You can see why I offer this advice, which is a feminist version of advice given by several great moral and religious teachers over the centuries, with diffidence.  In our California seminars, we wrestled with Woolf’s challenge, and recognized that we have all come to terms with life in other ways. We give money away to good causes, and we avoid the particular corruptions which come with believing that large amounts of money are the best way to measure value of performance; but none of us practices poverty, even in Woolf’s sense.  We try to avoid adulterating our brains, becoming too dependent on praise and recognition, and developing too great an attachment to any particular form of loyalty; but we don’t follow austere counsels of Three Guineas.

Our reason is that no one could make headway in the professions by taking her advice literally.  If you want to make a difference in the world for good, you must be willing to work hard and also play by at least some of the rules set up for success in the professions.  Otherwise none will take you seriously, and you won’t be able to accomplish anything at all. 

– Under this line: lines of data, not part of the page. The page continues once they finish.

(* Let $r,t\ge1$, $\varepsilon\ge 0$, let $\boldsymbol\Sigma\in\mathbb R^{r\times t}$ be a rectangular diagonal matrix with nonnegative diagonal entries and $\boldsymbol\Lambda\in\mathbb R^{t\times t}$ a diagonal matrix with nonnegative diagonal entries. Then the minimization problem $$\min_{\boldsymbol\Delta\in\mathbb C^{r\times t},\ \|\boldsymbol\Delta\|_2\le\varepsilon}\ \det\!\left[\mathbf I_r+(\boldsymbol\Sigma+\boldsymbol\Delta)\boldsymbol\Lambda(\boldsymbol\Sigma+\boldsymbol\Delta)^H\right]$$ has a minimizer $\boldsymbol\Delta$ that is a (rectangular) diagonal matrix.
   Context: $\|\cdot\|_2$ denotes the spectral norm (largest singular value). A rectangular $r\times t$ matrix is diagonal if all entries $(i,j)$ with $i\ne j$ vanish. *)

From HB Require Import structures.
From mathcomp Require Import all_boot all_order all_algebra.
Set Implicit Arguments. Unset Strict Implicit. Unset Printing Implicit Defensive.
Import Order.TTheory GRing.Theory Num.Theory.
Local Open Scope ring_scope.

Definition conjT (C : numClosedFieldType) (m n : nat) (A : 'M[C]_(m, n))
  : 'M[C]_(n, m) := (map_mx Num.conj A)^T.

(* ||A||_2 <= e, i.e. the spectral (operator 2-) norm of A is at most e:
   for every vector x, ||A x||^2 <= e^2 ||x||^2  (together with 0 <= e). *)
Definition spec_norm_le (C : numClosedFieldType) (m n : nat)
  (A : 'M[C]_(m, n)) (e : C) : Prop :=
  0 <= e /\
  forall x : 'cV[C]_n,
    (conjT (A *m x) *m (A *m x)) ord0 ord0 <= e ^+ 2 * (conjT x *m x) ord0 ord0.

From HB Require Import structures.
From mathcomp Require Import all_boot all_order all_algebra.
From mathcomp Require Import ring.
Import Order.TTheory GRing.Theory Num.Theory.
Local Open Scope ring_scope.
Set Implicit Arguments. Unset Strict Implicit.

(* Factor Lam = Q Q^H with Q = diag (sqrt lam_j); by Sylvester's determinant
   identity the objective is det (I + X^H X) with X = (Sig + D) Q.
   Soft-thresholding the diagonal of Sig by eps, i.e. c_j = (sig_j - eps)_+,
   is an admissible diagonal D for which this matrix is diagonal with
   determinant prod_j (1 + lam_j c_j^2).  For any admissible D, the reverse
   triangle inequality gives |(Sig + D) z| >= c_k |z| whenever z vanishes off
   {j | c_j >= c_k}.  Such a graded lower bound already forces
   det (I + X^H X) >= prod_j (1 + lam_j c_j^2): for the index k of least c_k,
   the k-th adjugate column y satisfies y^H H y = det (minor_k H) det H and
   y^H H y >= (1 + lam_k c_k^2) det (minor_k H)^2, and one inducts on the minor. *)

Section RectangularDiagonal.
Variable R : nmodType.

Lemma sum_ord_val m n (i : 'I_m) (F : 'I_n -> R) :
  \sum_(j : 'I_n | j == i :> nat) F j = oapp F 0 (insub (val i)).
Proof.
case: insubP => [j _ ji|/negP iNlt] /=; first by rewrite (big_pred1 j) // => k; rewrite /= -ji.
by rewrite big_pred0 // => k; apply/eqP => ki; apply: iNlt; move: (ltn_ord k); rewrite ki.
Qed.

(* The j-th diagonal entry of a rectangular matrix, 0 when j >= r. *)
Definition rdiag r t (M : 'M[R]_(r, t)) (j : 'I_t) : R :=
  \sum_(i : 'I_r | i == j :> nat) M i j.

Lemma rdiagE r t (M : 'M[R]_(r, t)) j :
  rdiag M j = oapp (fun i => M i j) 0 (insub (val j)).
Proof. exact: sum_ord_val. Qed.

End RectangularDiagonal.

Lemma map_mx_diag (R S : nmodType) r t (f : R -> S) (M : 'M[R]_(r, t)) :
  f 0 = 0 -> is_diag_mx M -> is_diag_mx (map_mx f M).
Proof. by move=> f0 /is_diag_mxP M0; apply/is_diag_mxP => i j ij; rewrite mxE M0. Qed.

Lemma rdiag_map (R S : nmodType) r t (f : R -> S) (M : 'M[R]_(r, t)) j :
  f 0 = 0 -> rdiag (map_mx f M) j = f (rdiag M j).
Proof. by move=> f0; rewrite !rdiagE; case: insub => [i|] //=; rewrite mxE. Qed.

Section ConjugateTranspose.
Variable C : numClosedFieldType.

Lemma conjTE m n (A : 'M[C]_(m, n)) i j : conjT A i j = (A j i)^*.
Proof. by rewrite !mxE. Qed.

Lemma conjT_mul m n p (A : 'M[C]_(m, n)) (B : 'M[C]_(n, p)) :
  conjT (A *m B) = conjT B *m conjT A.
Proof. by rewrite /conjT map_mxM trmx_mul. Qed.

Lemma conjTD m n (A B : 'M[C]_(m, n)) : conjT (A + B) = conjT A + conjT B.
Proof. by apply/matrixP => i j; rewrite !mxE rmorphD. Qed.

Lemma conjTZ m n (x : C) (A : 'M[C]_(m, n)) : conjT (x *: A) = x^* *: conjT A.
Proof. by apply/matrixP => i j; rewrite !mxE rmorphM. Qed.

Lemma conjT_diag n (d : 'rV[C]_n) : conjT (diag_mx d) = diag_mx (map_mx Num.conj d).
Proof.
apply/matrixP => i j; rewrite !mxE rmorphMn.
by have [->|/negPf ij] := eqVneq i j; rewrite ?eqxx // eq_sym ij.
Qed.

Definition sqnorm n (x : 'cV[C]_n) : C := (conjT x *m x) 0 0.

Lemma sqnormE n (x : 'cV[C]_n) : sqnorm x = \sum_i `|x i 0| ^+ 2.
Proof. by rewrite /sqnorm mxE; apply: eq_bigr => i _; rewrite !mxE normCK mulrC. Qed.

Yet still, Woolf’s counsel challenged us, as it should challenge you.  My primary charge to you is to give it some thought, occasionally, as you make your way in your profession.  Think of it as one extreme on a spectrum, anchored in your mind to prevent you from moving too quickly all the way to the other end.  When you find yourself becoming too obsessed with how much money you are making, as an end in itself; when you find yourself cutting corners and making compromises on things you believe.  In order to get ahead and not rock the boat; when you begin to get too addicted to praise and honor, and worry too much about censure and ridicule: or when you find yourself so caught up in particular kinds of loyalties that you can no longer see the full humanity of other human beings, take Three Guineas off the shelf as a salutary antidote.

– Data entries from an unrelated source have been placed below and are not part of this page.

Lemma cis_base k p : cis (2 * pi * k%:R * p%:R / n%:R) = (omega ^+ k) ^+ p.
Proof. by rewrite -exprM /omega cisX natrM; congr cis; ring. Qed.

Lemma peval_e_plus j : (j < n)%N ->
  peval (real_complex R) (omega ^+ j) (e_plus R n) = (j == 0)%:R.
Proof.
move=> j_lt_n; rewrite peval_realE.
under eq_bigr do rewrite ffunE toC_invn.
rewrite -mulr_sumr (sum_expr_prim_root_small omega_primitive); last by lia.
by rewrite (ltn_eqF j_lt_n) orbF mulrCA mulVf ?mulr1 // natC_neq0.
Qed.

Lemma peval_e_minus j : ~~ odd n -> (j < n)%N ->
  peval (real_complex R) (omega ^+ j) (e_minus R n) = (j == n./2)%:R.
Proof.
move=> n_even j_lt_n; rewrite peval_realE.
have toC_e_minus p : toC ((-1) ^+ p / n%:R) = (omega ^+ n./2) ^+ p / n%:R.
  rewrite toCE rmorphM /= fmorphV rmorphXn rmorphN1 rmorph_nat.
  by rewrite (prim_root_half omega_primitive).
under eq_bigr => p _ do rewrite ffunE toC_e_minus mulrAC -exprMn -exprD.
rewrite -mulr_suml (sum_expr_prim_root_small omega_primitive); last by move: halves; lia.
have -> : (n./2 + j == 0)%N = false by move: halves; lia.
have -> : (n./2 + j == n) = (j == n./2) by apply/eqP/eqP; move: halves; lia.
by rewrite mulfK // natC_neq0.
Qed.

Lemma toC_e_k k p : (k <= n)%N ->
  toC (e_k R n k p) = n%:R^-1 * ((omega ^+ k) ^+ p + (omega ^+ (n - k)) ^+ p).
Proof.
move=> k_le_n; rewrite ffunE -mulrA mulrCA toCE rmorphM /= -!toCE toC_invn.
by rewrite toC_2cos cis_base conjc_omegaX.
Qed.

I hope that Wellesley has taught you some lessons of this kind, in a addition to preparing you to success at whatever it is you choose to do.  You are a wonderful group of women – talented, eager, vigorous – and we look forward to watching you change the world for good.  Don’t forget to come back occasionally to report on your progress and refresh your ties with people who care about you here.  May the memories of the beauty of this place bring you serenity in troubled times.  Our blessing and best thoughts go with you.  Good luck to each and all.